> INPUT:
Lemma poly_op_unit0_energy (a c : nat -> C) (n m : nat) :
  fsum (fun j => Cmod (poly_op a c n unit0 j) ^ 2) (S m) = fsum (coeff_series a c) (Nat.min n m).
Proof.
  rewrite fsum_shift, poly_op_at_zero, Cmod_0, <- fsum_trunc.
  rewrite (fsum_ext _ (fun k => if (k <? n)%nat then coeff_series a c k else 0)).
  - ring.
  - intros k _. rewrite poly_op_unit0. unfold coeff_series.
    destruct (k <? n)%nat; [rewrite Cmod_mult; ring|rewrite Cmod_0; ring].
Qed.

Lemma Cmod_sq_split3 (u v w : C) :
  Cmod u ^ 2 <= 3 * (Cmod (Cminus u v) ^ 2 + Cmod (Cminus w v) ^ 2 + Cmod w ^ 2).
Proof.
  assert (Htri : Cmod u <= Cmod (Cminus u v) + Cmod (Cminus w v) + Cmod w).
  { replace u with (Cplus (Cplus (Cminus u v) (Copp (Cminus w v))) w) at 1 by ring.
    eapply Rle_trans; [apply Cmod_triangle|]. rewrite <- (Cmod_opp (Cminus w v)).
    pose proof (Cmod_triangle (Cminus u v) (Copp (Cminus w v))). lra. }
  set (p := Cmod (Cminus u v)) in *. set (q := Cmod (Cminus w v)) in *. set (r := Cmod w) in *.
  assert (Hsq : Cmod u ^ 2 <= (p + q + r) ^ 2) by (apply pow_incr; split; [apply Cmod_ge_0|exact Htri]).
  assert (0 <= (p - q) ^ 2 + (q - r) ^ 2 + (p - r) ^ 2)
    by (repeat apply Rplus_le_le_0_compat; apply pow2_ge_0).
  nra.
Qed.

Lemma summable_of_poly_op_converges (a c : nat -> C) :
  op_norm_converges (fun n => poly_op a c n) -> ex_series (coeff_series a c).
Proof.
  intros [Lim HS]. destruct unit0_l2 as [He0 Hnorm0].
  destruct (HS 1 Rlt_0_1) as [N HN].
  assert (Herr : forall n, (N <= n)%nat -> forall L,
             fsum (fun j => Cmod (Cminus (poly_op a c n unit0 j) (Lim unit0 j)) ^ 2) L <= 1).
  { intros n Hn L. destruct (HN n Hn unit0 He0) as [Hin Hle].
    rewrite Hnorm0, Rmult_1_r in Hle.
    eapply Rle_trans; [exact (l2_partial_le _ L Hin)|].
    pose proof (sqrt_pos (Series (fun j => Cmod (vsub (poly_op a c n unit0) (Lim unit0) j) ^ 2))).
    unfold l2norm in *. nra. }
  set (B := 3 * (2 + fsum (coeff_series a c) N)).
  assert (Hbound : forall M, (N <= M)%nat -> fsum (coeff_series a c) M <= B).
  { intros M HM. rewrite <- (Nat.min_id M), <- poly_op_unit0_energy.
    eapply Rle_trans.
    { apply fsum_le. intros j _.
      apply (Cmod_sq_split3 _ (Lim unit0 j) (poly_op a c N unit0 j)). }
    rewrite fsum_scal, !fsum_plus, poly_op_unit0_energy. unfold B.
    pose proof (Herr M HM (S M)). pose proof (Herr N (le_n N) (S M)).
    assert (fsum (coeff_series a c) (Nat.min N M) <= fsum (coeff_series a c) N).
    { apply fsum_mono; [intros; apply Rmult_le_pos; apply pow2_ge_0|lia]. }
    lra. }
  apply (series_of_bounded_partial _ B).
  - intros k. apply Rmult_le_pos; apply pow2_ge_0.
  - intros M. destruct (Nat.le_gt_cases N M) as [HM|HM]; [apply Hbound, HM|].
    apply Rle_trans with (fsum (coeff_series a c) N); [|apply Hbound; lia].
    apply fsum_mono; [intros; apply Rmult_le_pos; apply pow2_ge_0|lia].
Qed.

Theorem mainTheorem10 (a c : nat -> C)
  (ha_nz : forall n : nat, a n <> RtoC 0)
  (ha_dec : forall n : nat, Cmod (a (S n)) <= Cmod (a n))
  (ha_l2 : ex_series (fun n => (Cmod (a n)) ^ 2)) :
  op_norm_converges (fun n => poly_op a c n)
  <->
  ex_series (fun k => (Cmod (c (S k))) ^ 2 * (Cmod (wprod a (S k))) ^ 2).
Proof.
  split.
  - apply summable_of_poly_op_converges.
  - apply poly_op_converges_of_summable; [apply ha_nz|exact ha_dec|exact ha_l2].
Qed.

> PROBLEM REQUIREMENTS: The whole listing above should be output again exactly.

> WRITTEN RESPONSE:
Lemma poly_op_unit0_energy (a c : nat -> C) (n m : nat) :
  fsum (fun j => Cmod (poly_op a c n unit0 j) ^ 2) (S m) = fsum (coeff_series a c) (Nat.min n m).
Proof.
  rewrite fsum_shift, poly_op_at_zero, Cmod_0, <- fsum_trunc.
  rewrite (fsum_ext _ (fun k => if (k <? n)%nat then coeff_series a c k else 0)).
  - ring.
  - intros k _. rewrite poly_op_unit0. unfold coeff_series.
    destruct (k <? n)%nat; [rewrite Cmod_mult; ring|rewrite Cmod_0; ring].
Qed.

Lemma Cmod_sq_split3 (u v w : C) :
  Cmod u ^ 2 <= 3 * (Cmod (Cminus u v) ^ 2 + Cmod (Cminus w v) ^ 2 + Cmod w ^ 2).
Proof.
  assert (Htri : Cmod u <= Cmod (Cminus u v) + Cmod (Cminus w v) + Cmod w).
  { replace u with (Cplus (Cplus (Cminus u v) (Copp (Cminus w v))) w) at 1 by ring.
    eapply Rle_trans; [apply Cmod_triangle|]. rewrite <- (Cmod_opp (Cminus w v)).
    pose proof (Cmod_triangle (Cminus u v) (Copp (Cminus w v))). lra. }
  set (p := Cmod (Cminus u v)) in *. set (q := Cmod (Cminus w v)) in *. set (r := Cmod w) in *.
  assert (Hsq : Cmod u ^ 2 <= (p + q + r) ^ 2) by (apply pow_incr; split; [apply Cmod_ge_0|exact Htri]).
  assert (0 <= (p - q) ^ 2 + (q - r) ^ 2 + (p - r) ^ 2)
    by (repeat apply Rplus_le_le_0_compat; apply pow2_ge_0).
  nra.
Qed.

Lemma summable_of_poly_op_converges (a c : nat -> C) :
  op_norm_converges (fun n => poly_op a c n) -> ex_series (coeff_series a c).
Proof.
  intros [Lim HS]. destruct unit0_l2 as [He0 Hnorm0].
  destruct (HS 1 Rlt_0_1) as [N HN].
  assert (Herr : forall n, (N <= n)%nat -> forall L,
             fsum (fun j => Cmod (Cminus (poly_op a c n unit0 j) (Lim unit0 j)) ^ 2) L <= 1).
  { intros n Hn L. destruct (HN n Hn unit0 He0) as [Hin Hle].
    rewrite Hnorm0, Rmult_1_r in Hle.
    eapply Rle_trans; [exact (l2_partial_le _ L Hin)|].
    pose proof (sqrt_pos (Series (fun j => Cmod (vsub (poly_op a c n unit0) (Lim unit0) j) ^ 2))).
    unfold l2norm in *. nra. }
  set (B := 3 * (2 + fsum (coeff_series a c) N)).
  assert (Hbound : forall M, (N <= M)%nat -> fsum (coeff_series a c) M <= B).
  { intros M HM. rewrite <- (Nat.min_id M), <- poly_op_unit0_energy.
    eapply Rle_trans.
    { apply fsum_le. intros j _.
      apply (Cmod_sq_split3 _ (Lim unit0 j) (poly_op a c N unit0 j)). }
    rewrite fsum_scal, !fsum_plus, poly_op_unit0_energy. unfold B.
    pose proof (Herr M HM (S M)). pose proof (Herr N (le_n N) (S M)).
    assert (fsum (coeff_series a c) (Nat.min N M) <= fsum (coeff_series a c) N).
    { apply fsum_mono; [intros; apply Rmult_le_pos; apply pow2_ge_0|lia]. }
    lra. }
  apply (series_of_bounded_partial _ B).
  - intros k. apply Rmult_le_pos; apply pow2_ge_0.
  - intros M. destruct (Nat.le_gt_cases N M) as [HM|HM]; [apply Hbound, HM|].
    apply Rle_trans with (fsum (coeff_series a c) N); [|apply Hbound; lia].
    apply fsum_mono; [intros; apply Rmult_le_pos; apply pow2_ge_0|lia].
Qed.

Theorem mainTheorem10 (a c : nat -> C)
  (ha_nz : forall n : nat, a n <> RtoC 0)
  (ha_dec : forall n : nat, Cmod (a (S n)) <= Cmod (a n))
  (ha_l2 : ex_series (fun n => (Cmod (a n)) ^ 2)) :
  op_norm_converges (fun n => poly_op a c n)
  <->
  ex_series (fun k => (Cmod (c (S k))) ^ 2 * (Cmod (wprod a (S k))) ^ 2).
Proof.
  split.
  - apply summable_of_poly_op_converges.
  - apply poly_op_converges_of_summable; [apply ha_nz|exact ha_dec|exact ha_l2].
Qed.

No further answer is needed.